§ **GIVEN RECORDS**
+ + +

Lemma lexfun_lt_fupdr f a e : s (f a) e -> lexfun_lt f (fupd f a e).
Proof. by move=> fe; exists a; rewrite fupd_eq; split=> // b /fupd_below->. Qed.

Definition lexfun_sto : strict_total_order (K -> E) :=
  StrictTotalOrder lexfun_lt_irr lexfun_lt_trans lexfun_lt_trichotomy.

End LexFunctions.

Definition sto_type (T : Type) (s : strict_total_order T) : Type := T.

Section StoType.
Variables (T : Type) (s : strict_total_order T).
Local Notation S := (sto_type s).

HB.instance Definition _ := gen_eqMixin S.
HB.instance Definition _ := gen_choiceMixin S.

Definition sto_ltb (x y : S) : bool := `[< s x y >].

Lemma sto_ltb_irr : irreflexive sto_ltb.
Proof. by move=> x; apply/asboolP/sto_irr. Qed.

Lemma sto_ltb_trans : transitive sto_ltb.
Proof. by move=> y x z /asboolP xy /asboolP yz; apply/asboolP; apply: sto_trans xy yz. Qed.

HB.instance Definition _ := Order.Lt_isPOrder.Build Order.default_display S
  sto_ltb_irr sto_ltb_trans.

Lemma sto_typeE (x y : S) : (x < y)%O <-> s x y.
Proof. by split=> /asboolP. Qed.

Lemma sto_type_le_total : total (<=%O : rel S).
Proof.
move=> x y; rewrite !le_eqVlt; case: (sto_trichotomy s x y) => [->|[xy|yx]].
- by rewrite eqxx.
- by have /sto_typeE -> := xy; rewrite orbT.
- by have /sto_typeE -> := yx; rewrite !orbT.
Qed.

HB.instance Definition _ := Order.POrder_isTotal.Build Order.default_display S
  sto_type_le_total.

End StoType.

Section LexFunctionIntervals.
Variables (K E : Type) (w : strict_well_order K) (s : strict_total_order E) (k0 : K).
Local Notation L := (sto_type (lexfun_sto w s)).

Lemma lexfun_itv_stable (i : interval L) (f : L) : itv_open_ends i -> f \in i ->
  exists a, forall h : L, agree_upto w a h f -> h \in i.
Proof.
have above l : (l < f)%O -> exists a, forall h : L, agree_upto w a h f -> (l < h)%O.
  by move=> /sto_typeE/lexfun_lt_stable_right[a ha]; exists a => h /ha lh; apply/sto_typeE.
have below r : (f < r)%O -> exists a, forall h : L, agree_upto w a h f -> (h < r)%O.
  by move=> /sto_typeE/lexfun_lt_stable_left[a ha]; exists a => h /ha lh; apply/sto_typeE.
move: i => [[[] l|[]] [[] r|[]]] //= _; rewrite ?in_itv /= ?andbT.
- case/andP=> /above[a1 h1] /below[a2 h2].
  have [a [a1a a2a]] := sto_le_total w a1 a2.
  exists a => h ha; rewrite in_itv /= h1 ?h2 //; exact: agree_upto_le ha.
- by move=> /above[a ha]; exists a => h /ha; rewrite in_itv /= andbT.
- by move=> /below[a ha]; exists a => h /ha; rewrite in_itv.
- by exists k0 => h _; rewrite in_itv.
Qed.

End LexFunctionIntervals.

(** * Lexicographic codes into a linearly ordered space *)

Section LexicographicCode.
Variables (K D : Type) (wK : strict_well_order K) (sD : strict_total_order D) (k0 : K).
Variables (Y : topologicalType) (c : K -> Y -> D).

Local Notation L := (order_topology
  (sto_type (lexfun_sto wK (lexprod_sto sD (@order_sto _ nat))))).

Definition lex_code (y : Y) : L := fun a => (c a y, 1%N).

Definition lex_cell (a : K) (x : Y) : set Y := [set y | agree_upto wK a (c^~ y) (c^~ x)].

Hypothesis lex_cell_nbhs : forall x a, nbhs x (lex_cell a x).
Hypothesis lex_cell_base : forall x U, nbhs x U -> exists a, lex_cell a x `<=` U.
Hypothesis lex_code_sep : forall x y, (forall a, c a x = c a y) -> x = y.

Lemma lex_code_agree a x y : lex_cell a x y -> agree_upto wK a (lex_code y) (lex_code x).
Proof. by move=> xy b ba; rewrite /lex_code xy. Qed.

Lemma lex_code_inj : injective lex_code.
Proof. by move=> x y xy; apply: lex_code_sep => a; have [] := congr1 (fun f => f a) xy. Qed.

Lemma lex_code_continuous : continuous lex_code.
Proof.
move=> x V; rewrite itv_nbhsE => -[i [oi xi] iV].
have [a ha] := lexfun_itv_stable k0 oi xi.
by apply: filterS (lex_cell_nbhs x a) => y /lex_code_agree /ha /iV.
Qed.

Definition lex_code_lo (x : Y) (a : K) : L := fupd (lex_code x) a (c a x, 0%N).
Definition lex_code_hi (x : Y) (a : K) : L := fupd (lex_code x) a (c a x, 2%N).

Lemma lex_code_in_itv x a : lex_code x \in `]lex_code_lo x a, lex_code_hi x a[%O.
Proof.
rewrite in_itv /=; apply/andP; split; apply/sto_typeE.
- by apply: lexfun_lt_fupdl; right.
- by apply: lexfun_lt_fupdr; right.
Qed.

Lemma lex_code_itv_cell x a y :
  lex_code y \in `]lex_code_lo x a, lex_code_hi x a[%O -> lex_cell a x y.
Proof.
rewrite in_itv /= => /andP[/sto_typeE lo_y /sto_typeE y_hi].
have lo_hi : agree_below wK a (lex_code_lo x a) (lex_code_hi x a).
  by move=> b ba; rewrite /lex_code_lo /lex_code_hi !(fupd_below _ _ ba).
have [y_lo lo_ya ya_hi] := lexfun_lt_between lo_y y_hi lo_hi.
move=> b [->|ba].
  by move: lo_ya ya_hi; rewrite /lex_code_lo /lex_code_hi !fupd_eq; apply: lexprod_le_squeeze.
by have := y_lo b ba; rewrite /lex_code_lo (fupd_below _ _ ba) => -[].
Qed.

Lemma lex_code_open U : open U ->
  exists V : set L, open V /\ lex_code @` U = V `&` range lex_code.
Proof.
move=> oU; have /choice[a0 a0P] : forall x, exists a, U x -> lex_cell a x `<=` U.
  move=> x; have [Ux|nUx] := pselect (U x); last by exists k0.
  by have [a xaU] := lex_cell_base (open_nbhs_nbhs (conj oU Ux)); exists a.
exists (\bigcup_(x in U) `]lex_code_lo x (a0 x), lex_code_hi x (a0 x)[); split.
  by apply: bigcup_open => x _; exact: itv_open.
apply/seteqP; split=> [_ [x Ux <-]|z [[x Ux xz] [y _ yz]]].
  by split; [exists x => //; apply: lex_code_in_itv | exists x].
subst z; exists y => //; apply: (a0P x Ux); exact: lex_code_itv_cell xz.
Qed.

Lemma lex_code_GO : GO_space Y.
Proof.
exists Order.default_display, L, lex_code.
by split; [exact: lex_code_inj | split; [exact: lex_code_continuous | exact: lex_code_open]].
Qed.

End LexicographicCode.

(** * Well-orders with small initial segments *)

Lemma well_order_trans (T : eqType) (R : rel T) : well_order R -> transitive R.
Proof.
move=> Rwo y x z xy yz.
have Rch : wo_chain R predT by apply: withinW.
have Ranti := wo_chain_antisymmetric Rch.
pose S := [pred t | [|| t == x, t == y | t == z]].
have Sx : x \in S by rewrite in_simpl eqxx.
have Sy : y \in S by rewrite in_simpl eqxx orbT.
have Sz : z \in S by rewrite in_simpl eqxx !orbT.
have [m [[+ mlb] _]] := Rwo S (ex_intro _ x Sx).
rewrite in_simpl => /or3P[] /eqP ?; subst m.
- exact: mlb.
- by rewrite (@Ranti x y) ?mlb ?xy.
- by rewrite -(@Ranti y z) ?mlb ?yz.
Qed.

+ + +

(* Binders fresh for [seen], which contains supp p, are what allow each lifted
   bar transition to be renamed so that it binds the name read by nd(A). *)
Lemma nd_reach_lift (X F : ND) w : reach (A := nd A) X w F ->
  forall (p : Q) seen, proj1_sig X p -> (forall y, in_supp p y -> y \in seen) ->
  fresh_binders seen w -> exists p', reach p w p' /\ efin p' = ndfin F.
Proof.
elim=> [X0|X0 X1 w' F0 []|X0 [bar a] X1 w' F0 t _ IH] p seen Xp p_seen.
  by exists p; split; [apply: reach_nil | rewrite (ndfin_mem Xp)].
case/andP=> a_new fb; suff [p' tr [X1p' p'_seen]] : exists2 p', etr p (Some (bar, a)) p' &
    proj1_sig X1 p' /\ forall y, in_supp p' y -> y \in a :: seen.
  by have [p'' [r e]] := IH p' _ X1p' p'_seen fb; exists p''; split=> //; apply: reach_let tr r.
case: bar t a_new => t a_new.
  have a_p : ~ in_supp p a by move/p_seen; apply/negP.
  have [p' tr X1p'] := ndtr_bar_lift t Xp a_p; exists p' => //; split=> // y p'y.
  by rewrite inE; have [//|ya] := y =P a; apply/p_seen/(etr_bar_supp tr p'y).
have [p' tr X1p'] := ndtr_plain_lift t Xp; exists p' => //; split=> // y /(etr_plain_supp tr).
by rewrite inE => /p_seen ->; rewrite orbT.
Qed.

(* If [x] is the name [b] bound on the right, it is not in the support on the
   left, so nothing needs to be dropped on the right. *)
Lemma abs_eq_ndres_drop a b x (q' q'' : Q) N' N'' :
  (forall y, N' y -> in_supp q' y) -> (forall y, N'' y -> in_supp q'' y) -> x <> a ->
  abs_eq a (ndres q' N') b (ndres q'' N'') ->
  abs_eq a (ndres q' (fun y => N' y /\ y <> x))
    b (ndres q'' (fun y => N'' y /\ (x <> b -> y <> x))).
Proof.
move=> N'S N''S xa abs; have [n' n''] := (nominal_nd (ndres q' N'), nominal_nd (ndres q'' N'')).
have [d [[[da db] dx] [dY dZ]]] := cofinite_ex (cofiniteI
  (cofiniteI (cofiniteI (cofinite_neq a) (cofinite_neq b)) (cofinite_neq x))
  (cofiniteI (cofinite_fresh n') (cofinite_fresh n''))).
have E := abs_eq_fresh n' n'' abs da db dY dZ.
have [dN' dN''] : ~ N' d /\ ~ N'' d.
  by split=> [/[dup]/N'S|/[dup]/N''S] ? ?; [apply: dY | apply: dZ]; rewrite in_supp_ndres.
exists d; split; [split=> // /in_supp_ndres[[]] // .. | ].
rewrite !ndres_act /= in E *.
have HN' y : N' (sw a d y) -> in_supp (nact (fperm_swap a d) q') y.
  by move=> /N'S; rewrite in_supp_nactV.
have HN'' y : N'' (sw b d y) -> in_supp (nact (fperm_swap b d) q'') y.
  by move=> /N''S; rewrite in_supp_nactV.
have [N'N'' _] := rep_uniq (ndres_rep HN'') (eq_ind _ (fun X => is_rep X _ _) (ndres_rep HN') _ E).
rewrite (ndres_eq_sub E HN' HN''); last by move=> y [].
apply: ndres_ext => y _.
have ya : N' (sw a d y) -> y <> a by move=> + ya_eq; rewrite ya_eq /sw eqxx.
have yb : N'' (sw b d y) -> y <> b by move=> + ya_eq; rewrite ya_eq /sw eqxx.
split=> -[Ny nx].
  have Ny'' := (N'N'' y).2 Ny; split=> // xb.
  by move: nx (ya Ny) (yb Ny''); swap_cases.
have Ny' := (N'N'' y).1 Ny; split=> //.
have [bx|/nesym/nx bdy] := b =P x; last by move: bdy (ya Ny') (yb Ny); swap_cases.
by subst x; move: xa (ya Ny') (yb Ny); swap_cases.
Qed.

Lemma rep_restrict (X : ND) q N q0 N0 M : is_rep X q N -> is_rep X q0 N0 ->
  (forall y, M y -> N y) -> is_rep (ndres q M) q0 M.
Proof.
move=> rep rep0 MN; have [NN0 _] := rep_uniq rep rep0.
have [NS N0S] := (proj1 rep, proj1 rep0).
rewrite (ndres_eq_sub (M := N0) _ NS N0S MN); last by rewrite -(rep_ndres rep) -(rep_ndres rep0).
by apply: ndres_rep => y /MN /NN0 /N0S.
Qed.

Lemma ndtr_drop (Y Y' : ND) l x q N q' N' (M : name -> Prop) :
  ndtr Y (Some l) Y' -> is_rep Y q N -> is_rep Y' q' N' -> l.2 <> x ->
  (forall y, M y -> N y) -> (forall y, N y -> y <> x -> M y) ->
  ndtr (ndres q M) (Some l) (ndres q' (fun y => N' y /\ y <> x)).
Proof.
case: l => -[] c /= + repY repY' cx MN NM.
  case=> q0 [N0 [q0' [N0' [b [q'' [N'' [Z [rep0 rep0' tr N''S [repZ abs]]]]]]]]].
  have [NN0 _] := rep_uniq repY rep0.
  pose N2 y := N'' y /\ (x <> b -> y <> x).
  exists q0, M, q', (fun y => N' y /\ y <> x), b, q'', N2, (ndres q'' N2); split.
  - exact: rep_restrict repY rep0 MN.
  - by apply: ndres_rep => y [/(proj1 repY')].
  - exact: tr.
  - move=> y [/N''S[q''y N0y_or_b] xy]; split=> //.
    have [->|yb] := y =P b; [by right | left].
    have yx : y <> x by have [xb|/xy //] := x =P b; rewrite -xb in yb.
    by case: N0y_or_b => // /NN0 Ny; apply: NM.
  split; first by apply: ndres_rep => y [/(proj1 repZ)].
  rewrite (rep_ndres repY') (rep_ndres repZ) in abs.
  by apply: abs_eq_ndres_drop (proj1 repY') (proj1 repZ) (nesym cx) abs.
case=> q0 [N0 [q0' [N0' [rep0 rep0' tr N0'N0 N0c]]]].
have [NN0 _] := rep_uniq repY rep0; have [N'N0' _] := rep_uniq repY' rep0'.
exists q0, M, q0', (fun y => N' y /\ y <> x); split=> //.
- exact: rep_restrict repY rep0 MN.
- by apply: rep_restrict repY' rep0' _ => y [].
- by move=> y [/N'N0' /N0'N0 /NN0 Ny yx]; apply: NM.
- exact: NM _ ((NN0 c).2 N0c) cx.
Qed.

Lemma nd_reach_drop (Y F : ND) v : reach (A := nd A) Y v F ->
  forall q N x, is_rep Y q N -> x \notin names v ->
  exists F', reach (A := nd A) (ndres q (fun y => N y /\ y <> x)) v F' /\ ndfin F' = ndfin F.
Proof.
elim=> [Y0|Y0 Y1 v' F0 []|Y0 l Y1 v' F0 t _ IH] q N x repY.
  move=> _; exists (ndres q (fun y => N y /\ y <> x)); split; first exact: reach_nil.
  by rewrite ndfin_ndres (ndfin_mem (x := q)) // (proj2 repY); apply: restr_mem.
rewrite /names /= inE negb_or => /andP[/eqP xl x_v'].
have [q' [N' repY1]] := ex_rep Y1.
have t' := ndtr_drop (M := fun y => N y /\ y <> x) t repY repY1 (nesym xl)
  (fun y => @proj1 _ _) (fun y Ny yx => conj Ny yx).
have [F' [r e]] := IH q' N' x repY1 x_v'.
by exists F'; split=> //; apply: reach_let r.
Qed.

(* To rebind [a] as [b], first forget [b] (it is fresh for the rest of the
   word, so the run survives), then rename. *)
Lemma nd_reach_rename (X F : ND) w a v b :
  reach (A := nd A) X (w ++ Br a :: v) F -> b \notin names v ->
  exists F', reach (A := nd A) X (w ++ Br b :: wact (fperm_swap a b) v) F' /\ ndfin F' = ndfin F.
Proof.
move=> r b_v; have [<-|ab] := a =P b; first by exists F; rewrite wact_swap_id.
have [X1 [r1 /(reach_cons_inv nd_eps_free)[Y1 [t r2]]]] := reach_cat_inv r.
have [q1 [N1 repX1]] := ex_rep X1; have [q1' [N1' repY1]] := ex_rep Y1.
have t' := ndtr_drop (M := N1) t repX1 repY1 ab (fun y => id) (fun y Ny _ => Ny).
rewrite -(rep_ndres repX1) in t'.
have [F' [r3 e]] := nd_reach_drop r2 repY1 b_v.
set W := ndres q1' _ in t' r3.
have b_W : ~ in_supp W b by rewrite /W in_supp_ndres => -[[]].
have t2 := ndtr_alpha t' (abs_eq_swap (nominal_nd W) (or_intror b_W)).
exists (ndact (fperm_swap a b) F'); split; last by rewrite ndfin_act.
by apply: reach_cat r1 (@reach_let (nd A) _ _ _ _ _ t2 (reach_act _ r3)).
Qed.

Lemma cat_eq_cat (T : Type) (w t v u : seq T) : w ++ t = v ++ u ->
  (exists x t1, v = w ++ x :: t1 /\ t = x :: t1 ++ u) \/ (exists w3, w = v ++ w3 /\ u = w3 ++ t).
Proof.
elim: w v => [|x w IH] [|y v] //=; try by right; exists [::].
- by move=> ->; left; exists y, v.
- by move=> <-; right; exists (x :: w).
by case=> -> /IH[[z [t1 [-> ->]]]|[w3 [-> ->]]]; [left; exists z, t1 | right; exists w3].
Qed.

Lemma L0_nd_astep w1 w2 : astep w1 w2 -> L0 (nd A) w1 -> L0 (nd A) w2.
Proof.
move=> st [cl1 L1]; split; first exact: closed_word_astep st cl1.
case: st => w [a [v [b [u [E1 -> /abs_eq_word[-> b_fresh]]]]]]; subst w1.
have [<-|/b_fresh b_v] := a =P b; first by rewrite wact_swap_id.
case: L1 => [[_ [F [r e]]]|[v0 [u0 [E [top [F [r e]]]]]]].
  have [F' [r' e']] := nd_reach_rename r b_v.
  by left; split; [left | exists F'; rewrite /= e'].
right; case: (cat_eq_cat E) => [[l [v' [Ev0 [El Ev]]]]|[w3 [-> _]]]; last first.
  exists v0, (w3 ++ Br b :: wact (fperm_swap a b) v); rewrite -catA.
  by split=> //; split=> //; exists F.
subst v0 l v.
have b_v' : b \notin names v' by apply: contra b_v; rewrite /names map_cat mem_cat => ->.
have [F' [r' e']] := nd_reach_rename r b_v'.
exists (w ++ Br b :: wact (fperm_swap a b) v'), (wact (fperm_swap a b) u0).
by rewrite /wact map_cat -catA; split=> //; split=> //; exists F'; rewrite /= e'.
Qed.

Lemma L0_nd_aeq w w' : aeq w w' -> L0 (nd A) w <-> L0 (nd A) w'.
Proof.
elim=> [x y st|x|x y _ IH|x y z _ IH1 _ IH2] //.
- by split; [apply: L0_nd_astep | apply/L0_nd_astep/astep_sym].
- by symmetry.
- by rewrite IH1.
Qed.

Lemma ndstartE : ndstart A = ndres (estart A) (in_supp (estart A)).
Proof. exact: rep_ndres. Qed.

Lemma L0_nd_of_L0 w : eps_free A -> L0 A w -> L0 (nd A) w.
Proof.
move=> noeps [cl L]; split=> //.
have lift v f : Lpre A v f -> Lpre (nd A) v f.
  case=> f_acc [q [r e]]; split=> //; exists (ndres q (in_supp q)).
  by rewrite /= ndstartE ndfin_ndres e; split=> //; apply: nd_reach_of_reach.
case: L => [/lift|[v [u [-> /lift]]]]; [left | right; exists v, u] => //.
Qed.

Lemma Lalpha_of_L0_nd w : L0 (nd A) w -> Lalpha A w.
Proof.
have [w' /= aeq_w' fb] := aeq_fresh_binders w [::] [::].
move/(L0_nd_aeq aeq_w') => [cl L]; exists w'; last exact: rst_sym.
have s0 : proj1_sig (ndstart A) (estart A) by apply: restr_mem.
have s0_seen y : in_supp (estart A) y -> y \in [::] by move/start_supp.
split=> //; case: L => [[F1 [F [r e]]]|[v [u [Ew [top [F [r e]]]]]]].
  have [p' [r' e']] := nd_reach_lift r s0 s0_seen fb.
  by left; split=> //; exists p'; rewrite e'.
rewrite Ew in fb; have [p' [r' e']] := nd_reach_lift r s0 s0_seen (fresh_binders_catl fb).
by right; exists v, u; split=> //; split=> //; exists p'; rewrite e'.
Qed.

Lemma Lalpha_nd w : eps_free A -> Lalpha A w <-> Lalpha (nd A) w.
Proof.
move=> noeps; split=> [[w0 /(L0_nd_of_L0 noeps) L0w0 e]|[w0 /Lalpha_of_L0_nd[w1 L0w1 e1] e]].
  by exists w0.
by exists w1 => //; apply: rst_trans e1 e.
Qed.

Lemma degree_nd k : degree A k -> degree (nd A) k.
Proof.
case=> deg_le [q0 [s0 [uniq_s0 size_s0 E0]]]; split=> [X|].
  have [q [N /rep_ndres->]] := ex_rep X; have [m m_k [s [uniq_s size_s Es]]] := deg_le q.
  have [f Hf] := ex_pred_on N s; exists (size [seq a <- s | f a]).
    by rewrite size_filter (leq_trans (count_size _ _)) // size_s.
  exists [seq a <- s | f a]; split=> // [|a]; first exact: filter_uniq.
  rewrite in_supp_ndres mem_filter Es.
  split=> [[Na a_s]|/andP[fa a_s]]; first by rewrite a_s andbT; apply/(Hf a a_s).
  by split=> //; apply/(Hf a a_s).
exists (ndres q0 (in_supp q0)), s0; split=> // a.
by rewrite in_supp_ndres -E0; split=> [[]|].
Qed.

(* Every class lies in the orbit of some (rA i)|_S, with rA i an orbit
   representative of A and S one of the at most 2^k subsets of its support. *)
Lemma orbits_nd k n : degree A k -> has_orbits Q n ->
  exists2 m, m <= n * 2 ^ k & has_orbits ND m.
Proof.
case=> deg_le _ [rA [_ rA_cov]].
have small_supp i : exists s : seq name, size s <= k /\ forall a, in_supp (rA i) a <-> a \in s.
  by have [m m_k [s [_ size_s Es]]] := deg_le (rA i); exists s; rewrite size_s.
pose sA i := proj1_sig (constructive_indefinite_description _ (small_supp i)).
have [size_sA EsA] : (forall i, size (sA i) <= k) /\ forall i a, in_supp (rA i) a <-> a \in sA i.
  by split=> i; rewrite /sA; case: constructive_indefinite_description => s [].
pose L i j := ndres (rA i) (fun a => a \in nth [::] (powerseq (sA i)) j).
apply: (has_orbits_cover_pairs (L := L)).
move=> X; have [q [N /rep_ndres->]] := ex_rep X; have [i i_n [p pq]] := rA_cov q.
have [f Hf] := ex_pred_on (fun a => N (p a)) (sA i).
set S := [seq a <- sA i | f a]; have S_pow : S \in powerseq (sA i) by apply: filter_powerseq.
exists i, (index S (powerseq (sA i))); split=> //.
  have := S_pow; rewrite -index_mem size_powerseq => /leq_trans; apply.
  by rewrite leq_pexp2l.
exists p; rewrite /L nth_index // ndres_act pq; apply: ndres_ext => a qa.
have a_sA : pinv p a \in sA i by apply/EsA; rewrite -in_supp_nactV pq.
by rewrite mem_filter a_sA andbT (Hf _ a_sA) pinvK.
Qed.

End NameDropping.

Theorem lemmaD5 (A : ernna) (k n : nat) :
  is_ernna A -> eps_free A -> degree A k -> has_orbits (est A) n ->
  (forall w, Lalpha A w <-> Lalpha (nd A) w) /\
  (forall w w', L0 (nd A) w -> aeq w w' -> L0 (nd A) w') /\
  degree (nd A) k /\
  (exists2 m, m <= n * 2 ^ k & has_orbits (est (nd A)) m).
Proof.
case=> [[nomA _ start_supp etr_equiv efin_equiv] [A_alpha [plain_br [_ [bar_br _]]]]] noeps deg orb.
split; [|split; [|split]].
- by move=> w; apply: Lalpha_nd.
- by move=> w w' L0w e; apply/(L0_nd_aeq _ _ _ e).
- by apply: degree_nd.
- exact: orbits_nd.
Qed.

+ + +

From the line holding "Lemma lexfun_itv_stable (i" to the line holding "Variables (K D", inclusive, restate each line above exactly as written.

§ **EXERCISE SOLUTION**
Lemma lexfun_itv_stable (i : interval L) (f : L) : itv_open_ends i -> f \in i ->
  exists a, forall h : L, agree_upto w a h f -> h \in i.
Proof.
have above l : (l < f)%O -> exists a, forall h : L, agree_upto w a h f -> (l < h)%O.
  by move=> /sto_typeE/lexfun_lt_stable_right[a ha]; exists a => h /ha lh; apply/sto_typeE.
have below r : (f < r)%O -> exists a, forall h : L, agree_upto w a h f -> (h < r)%O.
  by move=> /sto_typeE/lexfun_lt_stable_left[a ha]; exists a => h /ha lh; apply/sto_typeE.
move: i => [[[] l|[]] [[] r|[]]] //= _; rewrite ?in_itv /= ?andbT.
- case/andP=> /above[a1 h1] /below[a2 h2].
  have [a [a1a a2a]] := sto_le_total w a1 a2.
  exists a => h ha; rewrite in_itv /= h1 ?h2 //; exact: agree_upto_le ha.
- by move=> /above[a ha]; exists a => h /ha; rewrite in_itv /= andbT.
- by move=> /below[a ha]; exists a => h /ha; rewrite in_itv.
- by exists k0 => h _; rewrite in_itv.
Qed.

End LexFunctionIntervals.

(** * Lexicographic codes into a linearly ordered space *)

Section LexicographicCode.
Variables (K D : Type) (wK : strict_well_order K) (sD : strict_total_order D) (k0 : K).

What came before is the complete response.